Catering to one side
I took a couple of weeks off from writing about the mainstream media's overt advocacy for same-sex marriage in California. I was hoping that we'd see a bit more balance in the coverage. Alas, no. I don't think journalists are even trying. Take, for instance, this Washington Post story from Ashley Surdin. Here's her angle:
LOS ANGELES -- Two things are certain in California's mounting legal showdown over same-sex marriage: Gay couples will wed this month, and, come November, voters will decide whether the state's constitution should exclude them from such unions.
If the vote is yes, the only certainty will be confusion.
The story goes on to catalogue the various and sundry ways that chaos and confusion would ensue if horrible meanies had their way in passing an amendment to the state constitution defining marriage as a union between one man and one woman.

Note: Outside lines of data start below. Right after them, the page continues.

Lemma slp_inputs_krylovU (B : 'M[F]_n) u (w : 'cV_n) :
  slp_inputs (krylovU B u *m w) =
  flatten [seq slp_inputs (u *m (B ^+ t *m w)) | t <- iota 0 m].
Proof.
rewrite /krylovU castmx_mull mxcol_mul.
apply: (@eq_from_nth F 0) => [|j].
  rewrite size_slp_inputs size_flatten /shape -map_comp.
  rewrite (eq_map (g := fun _ => s)) => [|t /=]; last by rewrite size_slp_inputs.
  by elim: m 0%N => //= k IH a; rewrite -IH mulSn.
rewrite size_slp_inputs => lt.
rewrite (nth_slp_inputs _ (Ordinal lt)) castmxE /= mxE.
set j' := cast_ord _ _.
have -> : j = (tagnat.sig1 j' * s + tagnat.sig2 j')%N by rewrite -tagnat_Rank_val tagnat.sig2K.
rewrite (@nth_flatten_uniform _ 0 (fun t => slp_inputs (u *m (B ^+ t *m w))) s) //;
  last by move=> i; rewrite size_slp_inputs.
rewrite add0n (nth_slp_inputs _ (tagnat.sig2 j')) mulmxA; congr (_ _ _); exact: val_inj.
Qed.

Lemma krylovV_mul (B : 'M[F]_n) v (y : 'cV_n) :
  krylovV B v *m y = \sum_(t < m) B ^+ t *m (v *m col_block y t).
Proof.
rewrite /krylovV.
have -> : y = castmx (sum_const_block m s, erefl 1%N)
   (castmx (esym (sum_const_block m s), erefl 1%N) y) by rewrite castmxKV.
rewrite castmx_mulmx -[X in _ *m X]submxcolK mul_mxrow_mxcol.
apply: eq_bigr => t _; rewrite mulmxA; congr (_ *m _).
apply/matrixP => r c; rewrite !mxE castmxE /= ord1.
have lt : (t * s + r < n)%N.
  by have := ltn_ord (@tagnat.Rank m (fun _ => s) t r); rewrite tagnat_Rank_val sum_const_block.
rewrite castmxKV (nth_slp_inputs _ (Ordinal lt)); congr (y _ _).
by apply: val_inj; rewrite /= -tagnat_Rank_val.
Qed.

Section Horner.
Variables (B : 'M[F]_n) (v : 'M[F]_(n, s)) (y : 'cV[F]_n).

Definition horner_tail (j : nat) : 'cV[F]_n :=
  \sum_(t < m - j) B ^+ t *m (v *m col_block y (j + t)).

Lemma horner_tail0 : horner_tail 0 = krylovV B v *m y.
Proof. by rewrite krylovV_mul /horner_tail subn0; apply: eq_bigr => t _; rewrite add0n. Qed.

Lemma horner_tail_last : (0 < m)%N -> horner_tail m.-1 = v *m col_block y m.-1.
Proof.
move=> m0; rewrite /horner_tail (_ : (m - m.-1 = 1)%N); last by lia.
by rewrite big_ord1 expr0 mul1mx addn0.
Qed.

Lemma horner_tailS j : (j < m)%N -> horner_tail j = B *m horner_tail j.+1 + v *m col_block y j.
Proof.
move=> jm; rewrite /horner_tail (_ : (m - j = (m - j.+1).+1)%N); last by lia.
rewrite big_ord_recl /= expr0 mul1mx addn0 addrC mulmx_sumr; congr (_ + _).
by apply: eq_bigr => i _; rewrite /bump /= add1n -addSnnS exprS -mulmxE !mulmxA.
Qed.

End Horner.
End KrylovBlocks.

Section InverseProgram.
Variables (F : fieldType) (m s : nat).
Local Notation n := (m * s)%N.
Variables (B : 'M[F]_n) (u : 'M[F]_(s, n)) (v : 'M[F]_(n, s)) (PB Pu Pv PH : slp F).
Local Notation H := (krylovU B u *m B *m krylovV B v).
Hypothesis PB_B : slp_computes PB (fun w : 'cV_n => B *m w).
Hypothesis Pu_u : slp_computes Pu (fun w : 'cV_n => u *m w).
Hypothesis Pv_v : slp_computes Pv (fun x : 'cV_s => v *m x).
Hypothesis PH_invH : slp_computes PH (fun y : 'cV_n => invmx H *m y).
Local Notation cb := (slp_cost PB).
Local Notation cu := (slp_cost Pu).
Local Notation cv := (slp_cost Pv).
Local Notation ch := (slp_cost PH).
(* Register [n], right after the input, is set to 0 once and for all. *)
Local Notation z := n.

The angle is perfectly valid. But what blew me away was the lack of perspective from advocates of traditional marriage. The angle seems well-suited to include their perspective, something the mainstream media have struggled with in recent weeks. I've paid enough attention to know that traditional marriage advocates oppose legalizing same-sex marriage by judicial fiat in part because of the havoc it wreaks on social and legal institutions. An article about the havoc wreaked by two potentially contradictory decisions -- one from a court and one from the will of the people -- would be a great way to explore that traditional position. The article doesn't include that perspective. It does, however, end with this hard-hitting, totally unbiased walk-off quote:
But Ryan James, 32, and Moe Perez, 39, of Oakland said they are going ahead with their wedding and are too harried planning for their August ceremony to worry about what might happen afterward. Said Perez: "We're more concerned about trying to find a caterer."
Ba-dum-dum! That's how I'd end a press release from a same-sex marriage advocacy group. That's not how I'd end a supposedly fair story in the Washington Post.
There's another thing I've noticed in stories about support and opposition to same-sex marriage in California, as evidenced by this paragraph from the story:
Recent polls indicate that voters could go either way on the measure. One, by the Los Angeles Times and TV station KTLA, found that 54 percent of voters support the proposed amendment. Not long after, a Field Poll found that 51 percent approve of the idea of allowing same-sex couples to marry.
One of the many ways in which reporters were not critical of the Field poll dealt with the survey method. And we're seeing more and more reporters cite it, uncritically, as evidence of a huge 18-point shift in opinion over a few days in California.
One of our readers here, who is either really named Perpetua of Carthage or goes by that name, suggested a possible reason for the discrepancy between the Los Angeles Times/KTLA poll and the Field Poll:
The question reporters should be asking is: Why did the two polls, the LA Times Poll and the Field Poll, conducted at the same time and among the same survey population, provide such different results?
News reporters should be taking the poll questions and results to professors in the field of survey research. I think they will find the answer is in the new Field Poll design.
As she explains on her site, two polls taken in the same time period from the same population show strikingly different results. She thinks it has something to do with the way the questions were asked. In the Times poll, before Californians were asked whether they would vote for the marriage amendment, they were asked whether they supported marriage, civil unions or neither for same-sex couples. The Field Poll only asked the question about whether Californians would vote for a Constitutional amendment to prohibit same-sex couples from marrying. The Field Poll showed a dramatic switch from the last time the question was asked in 2006. In that poll, they followed the same format as the Los Angeles Times poll by asking about domestic partnerships.
Perhaps some enterprising reporter will write something about the Spiral Effect, the historic underreporting of opposition to same-sex marriage and how public opinion polls show dramatically different results based on how questions are asked. But somehow I doubt it.